The finance minister has taken a pragmatic approach in this year's Union Budget, which, while not taking its eye off the inclusive growth agenda, has taken steps to urgently address the need to fix stretched government finances. Analysts said the changes on the indirect taxes front unveiled on Friday suggested that it is clear that progress was being made on launching the most ambitious tax reform.

Here is a look at what taxpayers, consumers, investors and businesmen are likely to gain and lose from this Budget.

GAIN FOR TAXPAYERS
  • I-T exemption limit raised to Rs 2 lakh, 30% tax bracket now at Rs 10L
  • Interest up to Rs 10,000 on saving bank account to be exempt from tax
  • Deduction of 50% for investments up to Rs 50,000 in equity by new investors with an annual income up to Rs 10 lakh
  • Age limit for senior citizens reduced from 65 to 60 for several tax benefits
  • Deduction of Rs 5,000 for preventive check-up expenses allowed within health insurance benefit
PAIN FOR TAXPAYERS
  • Additional deduction for infra bonds of Rs 20,000 removed
  • Income tax officers can now reopen assessments pertaining to foreign assets for up to 16 years instead of the current six years
GAIN FOR CONSUMERS 
  • Threshold for payment of service tax on apartment maintenance raised from Rs 3,000/month to Rs 5,000
  • No excise on branded silver jewellery
  • Duty-free baggage allowance at airports raised by Rs 10,000 to Rs 35,000
  • Excise duty on branded readymade garments reduced from 4.6% to 3.7%
PAIN FOR CONSUMERS
  • Service tax (cess included) up from 10.3% to 12.36%; excise hiked from 10.3% to 12.36%, from 5.15% to 6.18%, and 1.03% to 2.06%
  • Excise duty on cars of 1500cc and above raised to 27%.
  • Basic customs duty on imported SUVs worth over $40,000 (3,000cc or more for petrol, 2,500cc or more for diesel) raised from 60% to 75%
  • Customs duty on high-purity gold in various forms doubled
GAIN FOR INVESTORS 
  • Securities transaction tax on delivery-based deals reduced to 0.1%
  • More options for investing in tax-free bonds (like NHAI and Hudco)
PAIN FOR INVESTORS 
  • TDS mandatory for sale of immovable property of over Rs 50L in urban areas and Rs 20L in rural areas
  • 1% tax to be collected at source by seller for any sale in cash valued over Rs 2L of jewellery, bullion, etc
  • TDS for interest from debentures if amount exceeds Rs 5,000
  • No tax sops for new life insurance policies with annual premium over 10% of sum assured (currently 20%) excluding loyalty bonus
GAIN FOR BUSINESSMEN 
  • Withholding tax on interest on ECBs reduced from 20% to 5% for power, airlines, roads etc for 3 years
  • A year's extension for exemption under section 80IA for power firms; also for lower tax on overseas dividend
  • Small service provider exemption increased from Rs 10L to Rs 50L
PAIN FOR BUSINESSMEN 
  • Alternate Minimum Tax now on partnerships, sole proprietorships too
  • All foreign assets must be declared
  • Penalty up to 90% on undisclosed income found during search
  • I-T Act amended retrospectively to tax 'offshore M&A deals' involing transfer of assets in India. Example: Hutch-Vodafone transaction

What goes up, down (Source TOI)

Pranab Mukherjee, while presenting the Union Budget 2012-2013 proposed to increase duty on large cars and refined gold and remove any duty on import of silver. Here is a look at what goes up and what goes down.

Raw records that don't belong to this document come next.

(* Without potential, the distance to a point for a metric s intrinsic w.r.t. a
   measure of total mass <= Mm has energy <= Mm: its edge differences are
   bounded by s itself (triangle inequality), whose energy at x is <= 2 m(x). *)
Lemma intrinsic_distance_energy {X : Type} (b : X -> X -> R) (c : X -> R) m s Mm y0 :
  (forall x, c x = 0) -> (forall x y, 0 <= b x y) -> is_metric s -> intrinsic b m s ->
  (forall xs, NoDup xs -> fsum m xs <= Mm) ->
  in_Dt b c (fun z => (s z y0, 0)) /\ Qt b c (fun z => (s z y0, 0)) <= Mm.
Proof.
  intros Hc0 Hb0 [Hs0 [_ [Hsym Htri]]] Hint Hm.
  set (g := fun z => (s z y0, 0)).
  assert (Hedge : forall p, Q_edge b g p <= b (fst p) (snd p) * s (fst p) (snd p) ^ 2).
  { intros [u v]; unfold Q_edge, g, Cabs2, Cminus; cbn.
    apply Rmult_le_compat_l; [apply Hb0|].
    pose proof (Htri u v y0). pose proof (Htri v u y0). rewrite (Hsym v u) in *.
    pose proof (Hs0 u v). nra. }
  assert (Hrow : forall x l, NoDup l -> fsum (fun y => Q_edge b g (x, y)) l <= 2 * m x).
  { intros x l Hl. destruct (Hint x) as [Hfin Hle].
    eapply Rle_trans; [apply (fsum_le _ (fun y => b x y * s x y ^ 2)); intros y; apply (Hedge (x, y))|].
    pose proof (nnsum_ge _ l Hfin Hl). lra. }
  assert (HE : forall L, NoDup L -> fsum (Q_edge b g) L <= 2 * Mm).
  { apply pair_sum_le_rows with (H := fun x => 2 * m x).
    - intros p; apply Rmult_le_pos; [apply Hb0 | apply Cabs2_nonneg].
    - intros x; exact (nnsum_finite_of_bound _ _ (Hrow x)).
    - intros x; exact (nnsum_le _ _ (Hrow x)).
    - intros xs Hxs. rewrite fsum_scal. specialize (Hm xs Hxs). lra. }
  assert (Hpot : forall L, NoDup L -> fsum (Q_pot c g) L <= 0)
    by (intros L _; apply fsum_nonpos; intros p; unfold Q_pot; rewrite Hc0; lra).
  split; [split; eapply nnsum_finite_of_bound; eauto|].
  unfold Qt. apply nnsum_le in HE. apply nnsum_le in Hpot. lra.
Qed.

(* (B) => (C) when c = 0: every such s is dominated by a multiple of rho. *)
Lemma B_implies_C {X : Type} (b : X -> X -> R) (c : X -> R) :
  (forall x, c x = 0) -> weighted_graph b c -> connected b ->
  totally_bounded (dist_rho b c) ->
  forall (m : X -> R) (s : X -> X -> R),
    is_measure m -> finite_measure m -> is_metric s -> intrinsic b m s -> totally_bounded s.
Proof.
  intros Hc0 [Hb0 _] Hconn HB m s _ [Mm HMm] Hs Hint.
  assert (Hm : forall xs, NoDup xs -> fsum m xs <= Mm) by (intros xs Hxs; apply HMm; exists xs; auto).
  assert (HMm0 : 0 <= Mm) by (apply (Hm []); constructor).
  apply (totally_bounded_dominated s (dist_rho b c) (sqrt (Mm + 1))); [apply sqrt_lt_R0; lra | | exact HB].
  intros x y.
  destruct (intrinsic_distance_energy b c m s Mm y Hc0 Hb0 Hs Hint Hm) as [Hg HQg].
  pose proof (diff_le_rho b c Hconn _ (Mm + 1) x y Hg ltac:(lra) ltac:(lra)) as Hd.
  destruct Hs as [Hs0 [Hs1 _]]. cbn beta in Hd.
  rewrite Cmod_real, (proj2 (Hs1 y y) eq_refl), Rminus_0_r, Rabs_pos_eq in Hd by apply Hs0.
  exact Hd.
Qed.

(* On a countable graph there are positive vertex weights w with
   sum_{x,y} b(x,y) w(x)^2 <= 2: take w(x) = 2^-n(x) / (1 + deg x), where n
   enumerates the vertices, so that w(x)^2 deg(x) <= 2^-n(x). *)
Lemma degree_weights {X : Type} (b : X -> X -> R) (c : X -> R) :
  countably_infinite X -> weighted_graph b c ->
  exists w : X -> R, (forall x, 0 < w x) /\
    forall L, NoDup L -> fsum (fun p => b (fst p) (snd p) * (w (fst p) * w (fst p))) L <= 2.
Proof.
  intros [e [_ esurj]] [Hb0 [_ [_ [Hbf _]]]].
  destruct (choice (fun x n => e n = x) esurj) as [idx Hidx].
  set (deg := fun x => nnsum (b x)).
  assert (Hdeg : forall x, 0 <= deg x) by (intros x; apply nnsum_nonneg, Hbf).
  set (w := fun x => (/2)^(idx x) * / (1 + deg x)).
  assert (Hw : forall x, 0 < w x).
  { intros x. apply Rmult_lt_0_compat; [apply pow_lt; lra|].
    apply Rinv_0_lt_compat. specialize (Hdeg x); lra. }
  assert (Hwdeg : forall x, w x * w x * deg x <= (/2)^(idx x)).
  { intros x. unfold w. set (a := (/2)^(idx x)). set (q := / (1 + deg x)).
    specialize (Hdeg x).
    assert (Ha : 0 < a <= 1)
      by (split; [apply pow_lt; lra | unfold a; rewrite <- (pow1 (idx x)); apply pow_incr; lra]).
    assert (Hq : q * (1 + deg x) = 1) by (unfold q; field; lra).
    assert (0 < q) by (unfold q; apply Rinv_0_lt_compat; lra).
    assert (q * deg x <= 1) by nra. assert (q <= 1) by nra.
    assert (q * (q * deg x) <= 1) by nra.
    replace (a * q * (a * q) * deg x) with ((a * a) * (q * (q * deg x))) by ring. nra. }
  exists w. split; [exact Hw|].
  assert (Hrow : forall x l, NoDup l -> fsum (fun y => b x y * (w x * w x)) l <= (/2)^(idx x)).
  { intros x l Hl. eapply Rle_trans; [|apply Hwdeg].
    apply (fsum_le_scaled_nnsum (b x)); [intros y; lra | specialize (Hw x); nra | apply Hbf | exact Hl]. }
  apply pair_sum_le_rows with (H := fun x => (/2)^(idx x)).
  - intros p; apply Rmult_le_pos; [apply Hb0 | specialize (Hw (fst p)); nra].
  - intros x; exact (nnsum_finite_of_bound _ _ (Hrow x)).
  - intros x; exact (nnsum_le _ _ (Hrow x)).
  - intros xs Hxs. rewrite <- (fsum_map (fun n => (/2)^n) idx). apply fsum_geom_le.
    apply Injective_map_NoDup; [|exact Hxs].
    intros x y Hxy. rewrite <- (Hidx x), <- (Hidx y), Hxy. reflexivity.
Qed.

(* The oscillation of f, made a genuine metric by adding w(x) + w(y) off the diagonal. *)
Definition separated_metric {X : Type} (f : X -> Cx) (w : X -> R) (x y : X) : R :=
  Cmod (Cminus (f x) (f y)) + (if excluded_middle_informative (x = y) then 0 else w x + w y).

Lemma separated_metric_is_metric {X : Type} (f : X -> Cx) (w : X -> R) :
  (forall x, 0 < w x) -> is_metric (separated_metric f w).
Proof.
  intros Hw. unfold separated_metric. split; [|split; [|split]].
  - intros x y. pose proof (Cmod_nonneg (Cminus (f x) (f y))). pose proof (Hw x); pose proof (Hw y).
    destruct (excluded_middle_informative (x = y)); lra.
  - intros x y; split.
    + intros H. destruct (excluded_middle_informative (x = y)); [assumption|].
      pose proof (Hw x); pose proof (Hw y); pose proof (Cmod_nonneg (Cminus (f x) (f y))). lra.
    + intros <-. rewrite Cmod_diag. destruct (excluded_middle_informative (x = x)); [lra | congruence].
  - intros x y. rewrite Cmod_sym.
    destruct (excluded_middle_informative (x = y)), (excluded_middle_informative (y = x));
      subst; try congruence; lra.
  - intros x y z. pose proof (Cmod_tri (f x) (f y) (f z)).
    pose proof (Hw x); pose proof (Hw y); pose proof (Hw z).
    destruct (excluded_middle_informative (x = z)), (excluded_middle_informative (x = y)),
      (excluded_middle_informative (y = z)); subst; try congruence; lra.
Qed.
Lemma kmodule_coset_prim_mod U i j : (K * U <= U)%VS -> i = j %[mod N] ->
  (U * <[alpha ^+ i]>)%VS = (U * <[alpha ^+ j]>)%VS.
Proof.
move=> KU; wlog ij : i j / (i <= j)%N => [hwlog|].
  by case: (leqP i j) => [/hwlog//|/ltnW ji /esym/(hwlog _ _ ji)->].
move=> /eqP; rewrite eq_sym eqn_mod_dvd // -prim_expr_in_subfield => memK.
rewrite -(subnKC ij) exprD mulrC -prodv_line prodvA (kmodule_coset_memK KU memK) //.
by rewrite expf_neq0 // prim_neq0.
Qed.

Lemma powspace_coset_prim_eq b k i j : (0 < k < adjoin_degree K b)%N ->
  (powspace K b k * <[alpha ^+ i]> == powspace K b k * <[alpha ^+ j]>)%VS =
    (i == j %[mod N]).
Proof.
move=> kd; wlog ij : i j / (i <= j)%N => [hwlog|].
  by case: (leqP i j) => [/hwlog//|/ltnW /hwlog]; rewrite eq_sym => ->; rewrite eq_sym.
rewrite -(subnKC ij) exprD powspace_coset_eq ?expf_neq0 ?prim_neq0 //.
by rewrite prim_expr_in_subfield eq_sym eqn_mod_dvd ?leq_addr // addKn.
Qed.

Lemma powspace_coset_prim_dist b k i j : (0 < k < adjoin_degree K b)%N ->
  ~~ (i == j %[mod N]) ->
  (2 * \dim K <= subspace_dist (powspace K b k * <[alpha ^+ i]>)
                               (powspace K b k * <[alpha ^+ j]>))%N.
Proof.
move=> kd ij; apply: kmodule_dist_ge; rewrite ?kmodule_coset ?powspace_module //.
  by rewrite !dim_cosetv ?expf_neq0 ?prim_neq0.
by rewrite powspace_coset_prim_eq.
Qed.

Lemma mem_Orb (b : L) (Fl : flag L) X :
  reflect (exists2 j, (j < M)%N & X = flag_mul Fl (b ^+ j)) (X \in Orb b Fl).
Proof.
rewrite /Orb mem_undup; apply: (iffP mapP) => -[j jM ->]; exists j => //;
  by move: jM; rewrite mem_iota.
Qed.

Lemma Orb_flatten (Fl : flag L) c : (0 < c)%N ->
  Orb alpha Fl =i flatten [seq Orb (alpha ^+ c) (flag_mul Fl (alpha ^+ i)) | i <- iota 0 c].
Proof.
move=> c_gt0 X; apply/mem_Orb/flatten_mapP => [[j jM ->]|[i _ /mem_Orb[j jM ->]]].
  exists (j %% c)%N; first by rewrite mem_iota ltn_mod c_gt0.
  apply/mem_Orb; exists (j %/ c)%N; first exact: leq_ltn_trans (leq_div j c) jM.
  by rewrite flag_mulM -exprM -exprD addnC mulnC -divn_eq.
exists ((i + c * j) %% M)%N; first by rewrite ltn_mod order_gt0.
by rewrite (prim_expr_mod alpha_prim) flag_mulM -exprM exprD.
Qed.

Almost all the manufactured items used in everyday life will become costlier, while luxury cars, gold, eating out at restaurants or hotel accommodation will become even more expensive after a steep hike in tax rates proposed in Budget 2012-13.

WHAT GOES UP

Gold jewellery, ACs, Refrigerator, Luxury cars, Air travel, Telephone bills, Sport Utility Vehicles, Cigarettes, Handrolled beedis, Platinum jewellery, Diamond jewellery, Emerald, Ruby, Branded retail garments, Eating out at restaurants, Hotel accommodation, Hiring a law firm, Toiletries, Cosmetics, Soft-drinks, Steel, Cement.

WHAT GOES DOWN

LCDs and LEDs, Imported bicycles, Housing society charges, LPG, Mobile phones, School education, Iron ore equipment, Medicines for treating cancer and HIV Processed food, Iodised salt, Match boxes, Soya products, Solar power lamps, Cinema and films , LED bulbs, Natural gas, Uranium for generation of electricity, Desktops/Laptops.